On Speech Therapist (for feeding and speaking)
The speech therapist helped us get started feeding the baby, also recommended what cups to switch to before palate repair, and we will be meeting with her again soon to assess speech therapy needs.
On Pediatric Doctor
Our pediatrician is keeping tabs on Mr. Moo's development, height, weight, and head circumference. She is invaluable in her expertise and insights. The surgeon has deferred to her in these matters.
On Cleft lip and nostril closure
Mr. Moo's incomplete bilateral cleft lip was repaired when he was 3 months old. (One side was incomplete but had a seam, one side was complete. They repaired both sides as they would a bilateral cleft lip.)
On head circumference
They could be unrelated, but Mr. Moo's head size is in the 97 percentile, while his body was in the 85th. The doctors are monitoring the growth with the concern being possible hydrocephalus or a co-condition.

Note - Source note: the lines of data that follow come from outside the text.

(* Let $A$ be a real symmetric $r$-matrix of order $n$. If $\eta^{(p)}(A)=n^{-r/p}|\Sigma A|$ for some $p>1$, then $A$ is regular.
   Context: A cubical $r$-matrix of order $n$ is a function $A$ on $[n]^r$ with entries $a_{i_1,\ldots,i_r}$; symmetric means invariant under permutations of indices. $\Sigma B$ denotes the sum of all entries of a matrix $B$. $P_A(\mathbf{x})=\sum a_{i_1,\ldots,i_r}x_{i_1}\cdots x_{i_r}$ and $\eta^{(p)}(A)=\max\{|P_A(\mathbf{x})|:\mathbf{x}\in\mathbb{R}^n,|\mathbf{x}|_p=1\}$. For $k\in[r]$, $s\in[n]$, the slice $A^{(k)}_s$ is the $(r-1)$-matrix obtained by fixing $i_k=s$. $A$ is regular if for every $k\in[r]$, $\Sigma A^{(k)}_1=\cdots=\Sigma A^{(k)}_n$. *)

From mathcomp Require Import all_boot all_order all_algebra all_fingroup.
From mathcomp Require Import all_classical all_reals all_analysis.
Set Implicit Arguments. Unset Strict Implicit. Unset Printing Implicit Defensive.
Import Order.TTheory GRing.Theory Num.Theory.
Local Open Scope ring_scope.
Local Open Scope classical_set_scope.

Definition mindex (r n : nat) := {ffun 'I_r -> 'I_n}.

Definition cmatrix (R : realType) (r n : nat) := mindex r n -> R.

Section CMatrix.
Context {R : realType} {r n : nat}.

Definition cm_symmetric (A : cmatrix R r n) : Prop :=
  forall (s : {perm 'I_r}) (i : mindex r n), A [ffun k => i (s k)] = A i.

Definition cm_sum (A : cmatrix R r n) : R := \sum_(i : mindex r n) A i.

Definition slice_sum (A : cmatrix R r n) (k : 'I_r) (s : 'I_n) : R :=
  \sum_(i : mindex r n | i k == s) A i.

Definition cm_regular (A : cmatrix R r n) : Prop :=
  forall (k : 'I_r) (s t : 'I_n), slice_sum A k s = slice_sum A k t.

Definition cm_form (A : cmatrix R r n) (x : 'I_n -> R) : R :=
  \sum_(i : mindex r n) A i * \prod_(k < r) x (i k).

Definition pnorm (p : R) (x : 'I_n -> R) : R :=
  (\sum_(j < n) `|x j| `^ p) `^ (p^-1).

(* eta^(p)(A) = max { |P_A(x)| : |x|_p = 1 } (the max exists by compactness;
   we take the supremum of the set, which equals that maximum) *)
Definition eta (p : R) (A : cmatrix R r n) : R :=
  sup [set `|cm_form A x| | x in [set x : 'I_n -> R | pnorm p x = 1]].

End CMatrix.

(* Put c = n^(-1/p). The uniform vector c(1,...,1) has p-norm 1 and
   |P_A(c,...,c)| = c^r |Sigma A|, so the hypothesis says that it maximises
   |P_A(x)| / |x|_p^r. Along a line c + u w with sum_j w_j = 0 the p-norm is
   stationary at u = 0, hence so is P_A: sum_i a_i sum_k w_(i_k) = 0. For
   w = e_s - e_t this sum is sum_k (Sigma A^(k)_s - Sigma A^(k)_t), and by
   symmetry its r terms are equal. *)

From mathcomp Require Import all_boot all_order all_algebra all_fingroup.
From mathcomp Require Import all_classical all_reals all_analysis.
From mathcomp Require Import lra.
Import Order.TTheory GRing.Theory Num.Theory.
Local Open Scope ring_scope.

Section RealDerivatives.
Context {R : realType}.
Implicit Types (f g u : R -> R) (x a b : R).

Lemma is_derive_affine a b x : is_derive x 1 (fun t : R => a + t * b) b.
Proof.
have := is_deriveD (is_derive_cst a x 1)
  (is_deriveM (is_derive_id x 1) (is_derive_cst b x 1)).
by rewrite /= scaler0 add0r scaler1 add0r.
Qed.

Lemma is_derive_big_sum (I : finType) (h : I -> R -> R) (dh : I -> R) x :
  (forall i, is_derive x 1 (h i) (dh i)) ->
  is_derive x 1 (fun t => \sum_i h i t) (\sum_i dh i).
Proof.
move=> dhx; rewrite -fct_sumE.
by elim/big_ind2 : _ => // *; [exact: is_derive_cst | exact: is_deriveD].
Qed.

Lemma is_derive_big_prod m (f : 'I_m -> R -> R) (df : 'I_m -> R) x :
  (forall k, is_derive x 1 (f k) (df k)) ->
  is_derive x 1 (fun t => \prod_(k < m) f k t)
    (\sum_(k < m) df k * \prod_(l < m | l != k) f l x).
Proof.
elim: m f df => [|m IHm] f df dfx.
  by rewrite -fct_prodE !big_ord0; exact: is_derive_cst.
have -> : (fun t => \prod_(k < m.+1) f k t) =
    (fun t => \prod_(k < m) f (widen_ord (leqnSn m) k) t) * f ord_max.
  by apply/funext => t; rewrite big_ord_recr.
have max_neq (l : 'I_m) : (widen_ord (leqnSn m) l != ord_max).
  by rewrite -(inj_eq val_inj) /= ltn_eqF.
apply: (is_derive_eq (is_deriveM (IHm _ _ (fun k => dfx _)) (dfx ord_max))).
rewrite big_ord_recr /= addrC /GRing.scale /= mulr_sumr; congr (_ + _).
  rewrite mulrC; congr (_ * _); rewrite [RHS]big_mkcond big_ord_recr /= eqxx mulr1.
  by apply: eq_bigr => l _; rewrite max_neq.
apply: eq_bigr => k _; rewrite mulrCA; congr (_ * _).
rewrite [RHS]big_mkcond big_ord_recr /= eq_sym max_neq mulrC -big_mkcond /=.
by congr (_ * _); apply: eq_bigl => l; rewrite (inj_eq (@widen_ord_inj _ _ _)).
Qed.

Lemma is_derive_unique f x (d d' : R) :
  is_derive x 1 f d -> is_derive x 1 f d' -> d = d'.
Proof. by move=> [_ <-] [_ <-]. Qed.

Lemma derive_eq0_of_abs_le g u a (dg : R) : 0 < a ->
  (forall x, `|x| < a -> derivable g x (1 : R)) ->
  (forall x, `|x| < a -> derivable u x (1 : R)) ->
  (forall x, `|x| < a -> `|g x| <= u x) -> `|g 0| = u 0 ->
  is_derive (0 : R) 1 u 0 -> is_derive (0 : R) 1 g dg -> dg = 0.
Proof.
move=> a_gt0 dg_ex du_ex g_le g0E du0 dg0.
pose sigma : R := if 0 <= g 0 then 1 else -1.
have sigma_neq0 : sigma != 0 by rewrite /sigma; case: ifP; rewrite ?oppr_eq0 oner_eq0.
have sigma_le y : sigma * y <= `|y|.
  apply: le_trans (ler_norm _) _.
  by rewrite normrM /sigma; case: ifP; rewrite ?normrN normr1 mul1r.
have sigma_g0 : sigma * g 0 = `|g 0|.
  rewrite /sigma; case: ifPn => [/ger0_norm -> | ]; first by rewrite mul1r.
  by rewrite -ltNge => /ltr0_norm ->; rewrite mulN1r.
(* Taking [sigma * g] rather than [g ^+ 2] keeps the argument valid when [g 0 = 0]. *)
pose h := cst sigma * g - u.
have itvE t : (t \in `]-a, a[) = (`|t| < a) by rewrite in_itv /= ltr_norml.
have dh0 : is_derive (0 : R) 1 h 0.
  apply: (@derive1_at_max _ h (- a) a); first by lra.
  - move=> t; rewrite itvE => ht; apply: derivableB; last exact: du_ex.
    by apply: derivableM; [exact: derivable_cst | exact: dg_ex].
  - by rewrite itvE normr0.
  move=> t; rewrite itvE => ht; rewrite /h !fctE sigma_g0 g0E subrr subr_le0.
  exact: le_trans (sigma_le _) (g_le _ ht).
have := is_deriveB (is_deriveM (is_derive_cst sigma (0 : R) 1) dg0) du0.
move=> /is_derive_unique /(_ dh0).
rewrite /= scaler0 addr0 subr0 /GRing.scale /= => /eqP.
by rewrite mulf_eq0 (negbTE sigma_neq0) => /eqP.
Qed.

End RealDerivatives.

Section CubicalMatrix.
Context {R : realType} {r n : nat}.
Implicit Types (A : cmatrix R r n) (x y w : 'I_n -> R) (p : R).

Lemma cm_formZ A (a : R) x : cm_form A (fun j => a * x j) = a ^+ r * cm_form A x.
Proof.
rewrite /cm_form mulr_sumr; apply: eq_bigr => i _.
by rewrite big_split /= prodr_const card_ord mulrCA.
Qed.

Lemma cm_form_const A (c : R) : cm_form A (fun=> c) = c ^+ r * cm_sum A.
Proof.
have -> : (fun=> c) = (fun j : 'I_n => c * 1) by apply/funext => j; rewrite mulr1.
rewrite cm_formZ.
by congr (_ * _); apply: eq_bigr => i _; rewrite big1 ?mulr1.
Qed.

Lemma pnormZ p (a : R) x : 0 < p -> 0 <= a ->
  pnorm p (fun j => a * x j) = a * pnorm p x.
Proof.
move=> p_gt0 a_ge0; rewrite /pnorm.
under eq_bigr do rewrite normrM (ger0_norm a_ge0) powRM ?normr_ge0 //.
rewrite -mulr_sumr powRM ?powR_ge0 //; last by apply: sumr_ge0 => j _; exact: powR_ge0.
by rewrite -powRrM mulfV ?gt_eqF // powRr1.
Qed.

Lemma pnorm_eq1_norm_le1 p x j : 0 < p -> pnorm p x = 1 -> `|x j| <= 1.
Proof.
move=> p_gt0 /(congr1 (@powR R ^~ p)); rewrite /pnorm -powRrM mulVf ?gt_eqF //.
rewrite powR1 powRr1 => [sum_eq1|]; last by apply: sumr_ge0 => k _; exact: powR_ge0.
have xj_le1 : `|x j| `^ p <= 1.
  rewrite -sum_eq1 (bigD1 j) //= lerDl.
  by apply: sumr_ge0 => k _; exact: powR_ge0.
have pV_ge0 : 0 <= p^-1 by rewrite invr_ge0 ltW.
have := ge0_ler_powR pV_ge0 _ _ xj_le1.
by rewrite -powRrM mulfV ?gt_eqF // powRr1 // powR1; apply; rewrite nnegrE ?powR_ge0.
Qed.

Lemma abs_cm_form_le_eta A p x : 0 < p -> pnorm p x = 1 ->
  `|cm_form A x| <= eta p A.
Proof.
move=> p_gt0 x1; apply: ub_le_sup; last by exists x.
exists (\sum_i `|A i|) => _ [y y1 <-].
apply: le_trans (ler_norm_sum _ _ _) _; apply: ler_sum => i _.
rewrite normrM -[leRHS]mulr1 ler_wpM2l // normr_prod.
apply: prodr_ile1 => k _; rewrite normr_ge0.
exact: pnorm_eq1_norm_le1 p_gt0 y1.
Qed.

Lemma abs_cm_form_le A p y : 0 < p -> 0 < pnorm p y ->
  `|cm_form A y| <= eta p A * pnorm p y ^+ r.
Proof.
move=> p_gt0 y_gt0; set b := pnorm p y.
have yE : y = (fun j => b * (b^-1 * y j)).
  by apply/funext => j; rewrite mulrA mulfV ?gt_eqF // mul1r.
have z1 : pnorm p (fun j => b^-1 * y j) = 1.
  by rewrite pnormZ ?invr_ge0 ?ltW // mulVf ?gt_eqF.
rewrite [in X in `|X|]yE cm_formZ normrM normrX (gtr0_norm y_gt0) mulrC.
apply: ler_wpM2r; first by rewrite exprn_ge0 ?ltW.
exact: abs_cm_form_le_eta.
Qed.

Lemma sumr_delta (f : 'I_n -> R) j0 : \sum_j (j == j0)%:R * f j = f j0.
Proof.
rewrite (bigD1 j0) //= eqxx mul1r big1 ?addr0 // => j /negPf ->.
exact: mul0r.
Qed.

Lemma line_gt0 (c u : R) w j : `|u| < c / (1 + \sum_i `|w i|) -> 0 < c + u * w j.
Proof.
move=> u_lt; have w_gt0 : 0 < 1 + \sum_i `|w i| by rewrite ltr_wpDr ?sumr_ge0.
suff : `|u * w j| < c by rewrite ltr_norml; lra.
rewrite normrM (@le_lt_trans _ _ (`|u| * (1 + \sum_i `|w i|))) //.
  by rewrite ler_wpM2l // ler_wpDl // (bigD1 j) //= lerDl sumr_ge0.
by rewrite -ltr_pdivlMr.
Qed.

Lemma sum_powR_gt0 p x : (0 < n)%N -> (forall j, 0 < x j) ->
  0 < \sum_j x j `^ p.
Proof.
move=> n_gt0 x_gt0; rewrite (bigD1 (Ordinal n_gt0)) //=.
by apply: ltr_wpDr; [apply: sumr_ge0 => j _; exact: powR_ge0 | exact: powR_gt0].
Qed.

Lemma slice_sum_sym A k k' s : cm_symmetric A -> slice_sum A k s = slice_sum A k' s.
Proof.
move=> symA; pose swap (i : mindex r n) : mindex r n := [ffun l => i (tperm k k' l)].
have swapK : involutive swap by move=> i; apply/ffunP => l; rewrite !ffunE tpermK.
rewrite /slice_sum (reindex_inj (inv_inj swapK)) /=.
by apply: eq_big => i; [rewrite ffunE tpermL | rewrite symA].
Qed.

Lemma first_variationE A w :
  \sum_i A i * \sum_(k < r) w (i k) = \sum_(k < r) \sum_j w j * slice_sum A k j.
Proof.
under eq_bigr do rewrite mulr_sumr.
rewrite exchange_big /=; apply: eq_bigr => k _.
rewrite (partition_big (fun i : mindex r n => i k) predT) //=.
apply: eq_bigr => j _; rewrite /slice_sum mulr_sumr.
by apply: eq_bigr => i /eqP <-; rewrite mulrC.
Qed.

Lemma is_derive_cm_form_line A x w (t : R) :
  is_derive t 1 (fun u => cm_form A (fun j => x j + u * w j))
    (\sum_i A i *
       \sum_(k < r) w (i k) * \prod_(l < r | l != k) (x (i l) + t * w (i l))).
Proof.
apply: is_derive_big_sum => i.
have := is_deriveM (is_derive_cst (A i) t 1)
  (is_derive_big_prod _ _ _ t (fun k => is_derive_affine (x (i k)) (w (i k)) t)).
by rewrite scaler0 addr0.
Qed.

Lemma is_derive_cm_form_const_line A (c : R) w :
  is_derive (0 : R) 1 (fun u => cm_form A (fun j => c + u * w j))
    (c ^+ r.-1 * \sum_i A i * \sum_(k < r) w (i k)).
Proof.
apply: is_derive_eq (is_derive_cm_form_line A (fun=> c) w 0) _.
rewrite [RHS]mulr_sumr; apply: eq_bigr => i _; rewrite [RHS]mulrCA.
congr (_ * _); rewrite mulr_sumr; apply: eq_bigr => k _.
under eq_bigr do rewrite mul0r addr0.
by rewrite prodr_const cardC1 card_ord mulrC.
Qed.

Lemma is_derive_root_powsum p x w (t : R) : (0 < n)%N ->
  (forall j, 0 < x j + t * w j) ->
  is_derive t 1 (fun u => (\sum_j (x j + u * w j) `^ p) `^ p^-1)
    (p^-1 * (\sum_j (x j + t * w j) `^ p) `^ (p^-1 - 1) *
     \sum_j p * (x j + t * w j) `^ (p - 1) * w j).
Proof.
move=> n_gt0 xw_gt0.
have dS : is_derive t 1 (fun u => \sum_j (x j + u * w j) `^ p)
    (\sum_j p * (x j + t * w j) `^ (p - 1) * w j).
  apply: is_derive_big_sum => j.
  exact: (@is_derive1_comp _ (@powR R ^~ p) (fun u => x j + u * w j) t _ _
    (is_derive1_powR p (xw_gt0 j)) (is_derive_affine _ _ t)).
have S_gt0 := sum_powR_gt0 p _ n_gt0 xw_gt0.
exact: (@is_derive1_comp _ (@powR R ^~ p^-1) _ t _ _ (is_derive1_powR p^-1 S_gt0) dS).
Qed.

Lemma is_derive_root_powsum_const_line p (c : R) w : (0 < n)%N -> 0 < c ->
  \sum_j w j = 0 ->
  is_derive (0 : R) 1 (fun u => (\sum_j (c + u * w j) `^ p) `^ p^-1) 0.
Proof.
move=> n_gt0 c_gt0 sum_w0.
apply: is_derive_eq (is_derive_root_powsum p (fun=> c) w 0 n_gt0 _) _.
  by move=> j; rewrite mul0r addr0.
rewrite [X in _ * X](eq_bigr (fun j => p * c `^ (p - 1) * w j)) => [|j _].
  by rewrite -mulr_sumr sum_w0 !mulr0.
by rewrite mul0r addr0.
Qed.

Lemma pnorm_uniform p : 0 < p -> (0 < n)%N ->
  pnorm p (fun _ : 'I_n => n%:R `^ (- p^-1)) = 1.
Proof.
move=> p_gt0 n_gt0; have nR_gt0 : 0 < n%:R :> R by rewrite ltr0n.
have -> : (fun _ : 'I_n => n%:R `^ (- p^-1)) = (fun j => n%:R `^ (- p^-1) * 1).
  by apply/funext => j; rewrite mulr1.
rewrite pnormZ ?powR_ge0 //.
rewrite /pnorm; under eq_bigr do rewrite normr1 powR1.
by rewrite sumr_const card_ord -mulr_natr mul1r powRN mulVf ?gt_eqF ?powR_gt0.
Qed.

Lemma cm_form_uniform A p :
  `|cm_form A (fun _ : 'I_n => n%:R `^ (- p^-1))| =
  n%:R `^ (- (r%:R / p)) * `|cm_sum A|.
Proof.
rewrite cm_form_const normrM normrX ger0_norm ?powR_ge0 //.
congr (_ * _); rewrite -powR_mulrn; last exact: powR_ge0.
by rewrite -powRrM mulNr (mulrC p^-1).
Qed.

Lemma uniform_extremal_first_variation A p w : 0 < p -> (0 < n)%N ->
  eta p A = n%:R `^ (- (r%:R / p)) * `|cm_sum A| -> \sum_j w j = 0 ->
  \sum_i A i * \sum_(k < r) w (i k) = 0.
Proof.
move=> p_gt0 n_gt0 etaE sum_w0.
set c := n%:R `^ (- p^-1); have c_gt0 : 0 < c by rewrite powR_gt0 // ltr0n.
set a := c / (1 + \sum_j `|w j|).
have a_gt0 : 0 < a by rewrite divr_gt0 // ltr_wpDr ?sumr_ge0.
pose b u := (\sum_j (c + u * w j) `^ p) `^ p^-1.
have pnormE u : `|u| < a -> pnorm p (fun j => c + u * w j) = b u.
  move=> ua; rewrite /pnorm.
  by under eq_bigr => j _ do rewrite gtr0_norm ?(line_gt0 _ _ _ _ ua) //.
have a0 : `|0 : R| < a by rewrite normr0.
have const0 : (fun j => c + 0 * w j) = fun=> c.
  by apply/funext => j; rewrite mul0r addr0.
have b0 : b 0 = 1 by rewrite -pnormE // const0 pnorm_uniform.
suff /eqP : c ^+ r.-1 * \sum_i A i * \sum_(k < r) w (i k) = 0.
  by rewrite mulf_eq0 expf_eq0 (gt_eqF c_gt0) andbF => /eqP.
apply: (derive_eq0_of_abs_le _ (cst (eta p A) * b ^+ r) _ _ a_gt0 _ _ _ _ _
  (is_derive_cm_form_const_line A c w)).
- by move=> u _; have [] := is_derive_cm_form_line A (fun=> c) w u.
- move=> u ua; apply: derivableM; first exact: derivable_cst.
  apply: derivableX.
  have xw_gt0 j : 0 < c + u * w j := line_gt0 _ _ _ j ua.
  by have [] := is_derive_root_powsum p (fun=> c) w u n_gt0 xw_gt0.
- move=> u ua; rewrite !fctE -pnormE //.
  apply: abs_cm_form_le => //; rewrite pnormE // powR_gt0 // sum_powR_gt0 //.
  by move=> j; exact: line_gt0 _ _ _ j ua.
- by rewrite !fctE b0 expr1n mulr1 const0 etaE cm_form_uniform.
have := is_deriveM (is_derive_cst (eta p A) (0 : R) 1)
  (is_deriveX r (is_derive_root_powsum_const_line p c w n_gt0 c_gt0 sum_w0)).
by rewrite !scaler0 addr0.
Qed.

End CubicalMatrix.

Theorem proposition18 (R : realType) (r n : nat) (A : cmatrix R r n) (p : R) :
  cm_symmetric A -> 1 < p ->
  eta p A = (n%:R : R) `^ (- (r%:R / p)) * `|cm_sum A| ->
  cm_regular A.
Proof.
move=> symA p_gt1 etaE k s t.
have n_gt0 : (0 < n)%N := leq_ltn_trans (leq0n s) (ltn_ord s).
pose w j : R := (j == s)%:R - (j == t)%:R.
have sum_wE f : \sum_j w j * f j = f s - f t.
  by under eq_bigr do rewrite mulrBl; rewrite sumrB !sumr_delta.
have sum_w0 : \sum_j w j = 0.
  rewrite -[RHS](subrr (1 : R)) -(sum_wE (fun=> 1)).
  by apply: eq_bigr => j _; rewrite mulr1.
have p_gt0 : 0 < p := lt_trans ltr01 p_gt1.
have := uniform_extremal_first_variation A p w p_gt0 n_gt0 etaE sum_w0.
rewrite first_variationE.
under eq_bigr => k' _ do rewrite sum_wE !(slice_sum_sym _ k' k) //.
rewrite sumr_const card_ord => /eqP; rewrite mulrn_eq0 subr_eq0.
by rewrite (gtn_eqF (leq_ltn_trans (leq0n k) (ltn_ord k))) => /eqP.
Qed.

On Otolaryngologist/Cosmetic Surgeon, Dr. Brian Rubinstein
Dr. Rubinstein is incredible and I can't recommend him enough! He is the chief of Pediatric Otolaryngology-Head and Neck Surgery at Kaiser Permanente in Roseville, CA. He is also the assistant director of the Northern California Regional Craniofacial Panel for Kaiser Permanente. He started a nonprofit called Faces of Tomorrow where he and a crew of nurses and doctors go on medical missions around the world to help others with clefts and craniofacial deformities.